(* Assume the standing assumptions (A1)–(A4) below. Let $r>0$ be a constant such that $\|u\|^2+\|w\|^2\le r$ for every $u\in\mathcal U$ and every extreme point $w$ of $\mathcal W$. Then for every $x\in\mathcal X$ the optimal value of \[ \min_{\lambda\in\mathbb R,\ \Lambda\in\mathbb R^{(k+m)\times n_2},\ \rho\in\mathbb R}\ \lambda+r\rho\quad\text{s.t.}\quad \lambda g_1g_1^T-\tfrac12 G(x)+\tfrac12(E^T\Lambda^T+\Lambda E)+\rho I\in \mathrm{COP}(\widehat{\mathcal U}\times\mathbb R^m_+),\ \ \rho\ge 0 \] equals $\pi(x)$.
   Context: Data: $A\in\mathbb R^{m\times n_1}$, $B\in\mathbb R^{m\times n_2}$, $c\in\mathbb R^{n_1}$, $d\in\mathbb R^{n_2}$, $F\in\mathbb R^{m\times k}$, $\mathcal X\subseteq\mathbb R^{n_1}$ closed convex. $\widehat{\mathcal U}\subseteq\mathbb R_+\times\mathbb R^{k-1}$ is a closed, convex, full-dimensional cone and $\mathcal U:=\{u\in\widehat{\mathcal U}: u_1=1\}$, assumed nonempty and compact. $e_1\in\mathbb R^k$ is the first standard basis vector, $g_1:=(e_1;0)\in\mathbb R^{k+m}$. The two-stage problem (RLP) is: $v^*_{RLP}:=\inf\{c^Tx+\sup_{u\in\mathcal U}d^Ty(u)\}$ over $x\in\mathcal X$ and maps $y:\mathcal U\to\mathbb R^{n_2}$ with $Ax+By(u)\ge Fu$ for all $u\in\mathcal U$. Standing assumptions: (A1) $\mathcal X$ and $\widehat{\mathcal U}$ are computationally tractable; (A2) (RLP) is feasible; (A3) $v^*_{RLP}$ is finite; (A4) relatively complete recourse: for all $x\in\mathcal X$, $u\in\mathcal U$ there is $y\in\mathbb R^{n_2}$ with $By\ge Fu-Ax$. Define $\mathcal W:=\{w\in\mathbb R^m: w\ge0,\ B^Tw=d\}$, $\pi(x):=\max_{u\in\mathcal U}\min_{y\in\mathbb R^{n_2}}\{d^Ty: By\ge Fu-Ax\}$, $E:=\begin{pmatrix}-de_1^T & B^T\end{pmatrix}\in\mathbb R^{n_2\times(k+m)}$, and $G(x):=\begin{pmatrix}0&(F-Axe_1^T)^T\\ F-Axe_1^T&0\end{pmatrix}\in\mathcal S^{k+m}$. For a closed convex cone $\mathcal K\subseteq\mathbb R^n$, $\mathrm{COP}(\mathcal K):=\{M\in\mathcal S^n: z^TMz\ge0\ \forall z\in\mathcal K\}$ and $\mathrm{CPP}(\mathcal K):=\{\sum_i z^i(z^i)^T: z^i\in\mathcal K\}$ (finite sums). *)

From Stdlib Require Import Reals.
From mathcomp Require Import all_boot.
Set Implicit Arguments.
Unset Strict Implicit.
Unset Printing Implicit Defensive.
Open Scope R_scope.

Definition vec (n : nat) := 'I_n -> R.
Definition mat (p q : nat) := 'I_p -> 'I_q -> R.

Definition Rsum (n : nat) (f : 'I_n -> R) : R := \big[Rplus/0]_(i < n) f i.

Definition dot (n : nat) (u v : vec n) : R := Rsum (fun i => u i * v i).
Definition sqnorm (n : nat) (u : vec n) : R := dot u u.
Definition mulmv (p q : nat) (M : mat p q) (v : vec q) : vec p :=
  fun i => Rsum (fun j => M i j * v j).
Definition trmv (p q : nat) (M : mat p q) (v : vec p) : vec q :=
  fun j => Rsum (fun i => M i j * v i).

Definition convexR (n : nat) (C : vec n -> Prop) : Prop :=
  forall u v : vec n, C u -> C v -> forall t, 0 <= t <= 1 ->
    C (fun i => t * u i + (1 - t) * v i).

(* sequentially closed (= closed in R^n) *)
Definition closedR (n : nat) (C : vec n -> Prop) : Prop :=
  forall (xs : nat -> vec n) (x : vec n), (forall t, C (xs t)) ->
    (forall i, Un_cv (fun t => xs t i) (x i)) -> C x.

(* sequentially compact (= compact in R^n) *)
Definition compactR (n : nat) (C : vec n -> Prop) : Prop :=
  forall xs : nat -> vec n, (forall t, C (xs t)) ->
    exists (phi : nat -> nat) (x : vec n),
      (forall t, (phi t < phi t.+1)%nat) /\ C x /\
      (forall i, Un_cv (fun t => xs (phi t) i) (x i)).

Definition coneR (n : nat) (C : vec n -> Prop) : Prop :=
  (exists u, C u) /\ forall u, C u -> forall t, 0 <= t -> C (fun i => t * u i).

Definition full_dimensional (n : nat) (C : vec n -> Prop) : Prop :=
  exists (u0 : vec n) (eps : R), 0 < eps /\
    forall u : vec n, sqnorm (fun i => u i - u0 i) < eps * eps -> C u.

Definition extreme_point (n : nat) (C : vec n -> Prop) (w : vec n) : Prop :=
  C w /\ forall w1 w2 : vec n, C w1 -> C w2 -> forall t, 0 < t < 1 ->
    (forall i, w i = t * w1 i + (1 - t) * w2 i) -> w1 = w2.

Definition glb_of (S : R -> Prop) (v : R) : Prop :=
  (forall s, S s -> v <= s) /\ (forall v', (forall s, S s -> v' <= s) -> v' <= v).
Definition lub_of (S : R -> Prop) (v : R) : Prop :=
  (forall s, S s -> s <= v) /\ (forall v', (forall s, S s -> s <= v') -> v <= v').

(* ---------- the problem data (k written as k.+1, e_1 = ord0) ---------- *)
Definition e1 (k : nat) : vec k.+1 := fun a => if a == ord0 then 1 else 0.
Lemma colon_gens_mul (C : {set 'I_n}) g : vertex_cover E C -> colon_gens g ->
  prime_pow K C 2 (g * (x K i * x K j)).
Proof.
move=> coverC [[a [b [Eab ->]]] | [[p [q [Eip [Ejq [_ ->]]]]] | [t [Eit [Ejt ->]]]]].
- by rewrite -[x K a * _]mul1r; exact: cover_two_edges coverC Eab Eij.
- have -> : x K p * x K q * (x K i * x K j) = 1 * (x K i * x K p) * (x K j * x K q).
    by ring.
  exact: cover_two_edges coverC (_ : E i p) Ejq.
- have [tC | tNC] := boolP (t \in C).
    have [u [w [uC ->]]] := cover_edge_factor K coverC Eij.
    have -> : x K t * (x K u * x K w) = x K w * (x K t * x K u) by ring.
    exact: prime_pow2_mem.
  have iC : i \in C by have := coverC _ _ Eit; rewrite (negbTE tNC) orbF.
  have jC : j \in C by have := coverC _ _ Ejt; rewrite (negbTE tNC) orbF.
  exact: prime_pow2_mem.
Qed.

Lemma colon_sub f : ideal_gen colon_gens f -> symb_pow K E 2 (f * (x K i * x K j)).
Proof. by move=> If C [coverC _]; apply: ideal_gen_mulr_sub If => g; apply: colon_gens_mul. Qed.

Definition supports_gen (S : {set 'I_n}) : bool :=
     [exists a, exists b, [&& E a b, a \in S & b \in S]]
  || [exists p, exists q, [&& E i p, E j q, p != q, p \in S & q \in S]]
  || [exists t, [&& E i t, E j t & t \in S]].

Lemma supports_gen_mem e c : supports_gen (supp e) ->
  ideal_gen colon_gens (mconst n c * monomial K n e).
Proof.
case/orP => [/orP [] | ].
- case/existsP => a /existsP [b /and3P [Eab aS bS]].
  have neq_ab : a != b by apply: contraTneq Eab => ->; rewrite Eirr.
  have [e' ->] := monomial_factor2 K neq_ab aS bS.
  by rewrite mulrA; apply: ideal_gen_gen; left; exists a, b.
- case/existsP => p /existsP [q /and5P [Eip Ejq neq_pq pS qS]].
  have [e' ->] := monomial_factor2 K neq_pq pS qS.
  by rewrite mulrA; apply: ideal_gen_gen; right; left; exists p, q.
- case/existsP => t /and3P [Eit Ejt tS].
  by rewrite (monomial_factor K tS) mulrA; apply: ideal_gen_gen; right; right; exists t.
Qed.

Lemma unsupported_cover (S : {set 'I_n}) : ~~ supports_gen S ->
  exists C, [/\ minimal_vertex_cover E C, [disjoint S & C] & (i \in C) != (j \in C)].
Proof.
rewrite !negb_or => /andP [/andP [no_edge no_pq] no_t].
have Eji : E j i by rewrite Esym.
have indS : independent E S.
  apply/independentP => a b aS bS; apply: contra no_edge => Eab.
  by apply/existsP; exists a; apply/existsP; exists b; rewrite Eab aS bS.
have [[p /andP [pS Eip]] | no_nbr_i] := altP (@existsP _ (fun k => (k \in S) && E i k)).
  have [[q /andP [qS Ejq]] | no_nbr_j] := altP (@existsP _ (fun k => (k \in S) && E j k)).
    have [eq_pq | neq_pq] := eqVneq p q.
      by move/existsP: no_t; case; exists p; rewrite Eip pS eq_pq Ejq.
    move/existsP: no_pq; case; exists p; apply/existsP; exists q.
    by rewrite Eip Ejq neq_pq pS qS.
  have nbr_j k : k \in S -> ~~ E j k.
    by move=> kS; apply/negP => Ejk; case/negP: no_nbr_j; apply/existsP; exists k; rewrite kS Ejk.
  have [C [mvcC disC jNC iC]] := cover_omitting Esym Eirr indS Eji nbr_j.
  by exists C; rewrite iC (negbTE jNC).
have nbr_i k : k \in S -> ~~ E i k.
  by move=> kS; apply/negP => Eik; case/negP: no_nbr_i; apply/existsP; exists k; rewrite kS Eik.
have [C [mvcC disC iNC jC]] := cover_omitting Esym Eirr indS Eij nbr_i.
by exists C; rewrite jC (negbTE iNC).
Qed.

(* Key step: if g x_i x_j lies in I(G)^(2), the coefficient of x^e in g vanishes
   whenever supp e contains the support of no generator, since x^e x_i x_j has
   degree 1 in the variables of the cover found above. *)
Lemma mcoef_colon_vanish g e : symb_pow K E 2 (g * (x K i * x K j)) ->
  ~~ supports_gen (supp e) -> mcoef e g = 0.
Proof.
move=> symb_g /unsupported_cover [C [mvcC disC one_ij]].
rewrite -(mcoef_shift e (fun l => unit_exp i l + unit_exp j l)%N g) monomialD -!x_monomial.
apply: (mcoef_prime_pow (symb_g C mvcC)).
rewrite !degree_inD !degree_in_unit.
have -> : degree_in C e = 0%N.
  by apply: big1 => k kC; have := disjointFl disC kC; rewrite inE lt0n => /negbFE /eqP.
by case: (i \in C) (j \in C) one_ij => [] [].
Qed.

(* The inclusion "(I(G)^(2) : x_i x_j) \subset right-hand side": split f into
   its monomials supporting a generator, which lie in the right-hand side, and
   the others, whose coefficients all vanish by the key step. *)
Lemma colon_super f : symb_pow K E 2 (f * (x K i * x K j)) -> ideal_gen colon_gens f.
Proof.
move=> symb_f; have [s def_f] := monomial_expansion f.
pose good (p : (nat -> nat) * K) := supports_gen (supp p.1).
pose fg := \sum_(p <- s | good p) mconst n p.2 * monomial K n p.1.
pose fb := \sum_(p <- s | ~~ good p) mconst n p.2 * monomial K n p.1.
have split_f : f = fg + fb by rewrite def_f (bigID good).
have Ifg : ideal_gen colon_gens fg by apply: ideal_gen_sum => p; apply: supports_gen_mem.
suff fb0 : fb = 0 by rewrite split_f fb0 addr0.
have symb_fb : symb_pow K E 2 (fb * (x K i * x K j)).
  move=> C mvcC.
  have -> : fb * (x K i * x K j) = f * (x K i * x K j) - fg * (x K i * x K j).
    by rewrite split_f; ring.
  by apply: ideal_genB; [apply: symb_f | apply: colon_sub].
apply: mcoef_eq0 => e; have [good_e | bad_e] := boolP (supports_gen (supp e)).
  rewrite mcoef_sum big1 // => p bad_p; rewrite mcoef_constM mcoef_monomial.
  case: ifP => [/supp_exp_eq eq_supp | _]; last by rewrite mulr0.
  by rewrite /good -eq_supp good_e in bad_p.
exact: mcoef_colon_vanish.
Qed.

End EdgeColon.

Unset Implicit Arguments.

Theorem lemma3p2 (K : fieldType) (n : nat) (E : rel 'I_n)
  (Esym : symmetric E) (Eirr : irreflexive E) (i j : 'I_n) (Eij : E i j) :
  forall f : mpoly K n,
    colon (symb_pow K E 2) (x K i * x K j) f <->
    ideal_gen (fun g =>
         (exists a b, E a b /\ g = x K a * x K b)
      \/ (exists p q, E i p /\ E j q /\ p != q /\ g = x K p * x K q)
      \/ (exists t, E i t /\ E j t /\ g = x K t)) f.
Proof.
move=> f; split.
- exact: (colon_super Esym Eirr Eij).
- exact: colon_sub.
Qed.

-------

Work item: Above are the records; print exactly the lines from the line with "(* ---------- the problem" to the line with "- have [tC | tNC] := boolP (t \in C).", including both, and nothing else.

The completed task:
(* ---------- the problem data (k written as k.+1, e_1 = ord0) ---------- *)
Definition e1 (k : nat) : vec k.+1 := fun a => if a == ord0 then 1 else 0.
Lemma colon_gens_mul (C : {set 'I_n}) g : vertex_cover E C -> colon_gens g ->
  prime_pow K C 2 (g * (x K i * x K j)).
Proof.
move=> coverC [[a [b [Eab ->]]] | [[p [q [Eip [Ejq [_ ->]]]]] | [t [Eit [Ejt ->]]]]].
- by rewrite -[x K a * _]mul1r; exact: cover_two_edges coverC Eab Eij.
- have -> : x K p * x K q * (x K i * x K j) = 1 * (x K i * x K p) * (x K j * x K q).
    by ring.
  exact: cover_two_edges coverC (_ : E i p) Ejq.
- have [tC | tNC] := boolP (t \in C).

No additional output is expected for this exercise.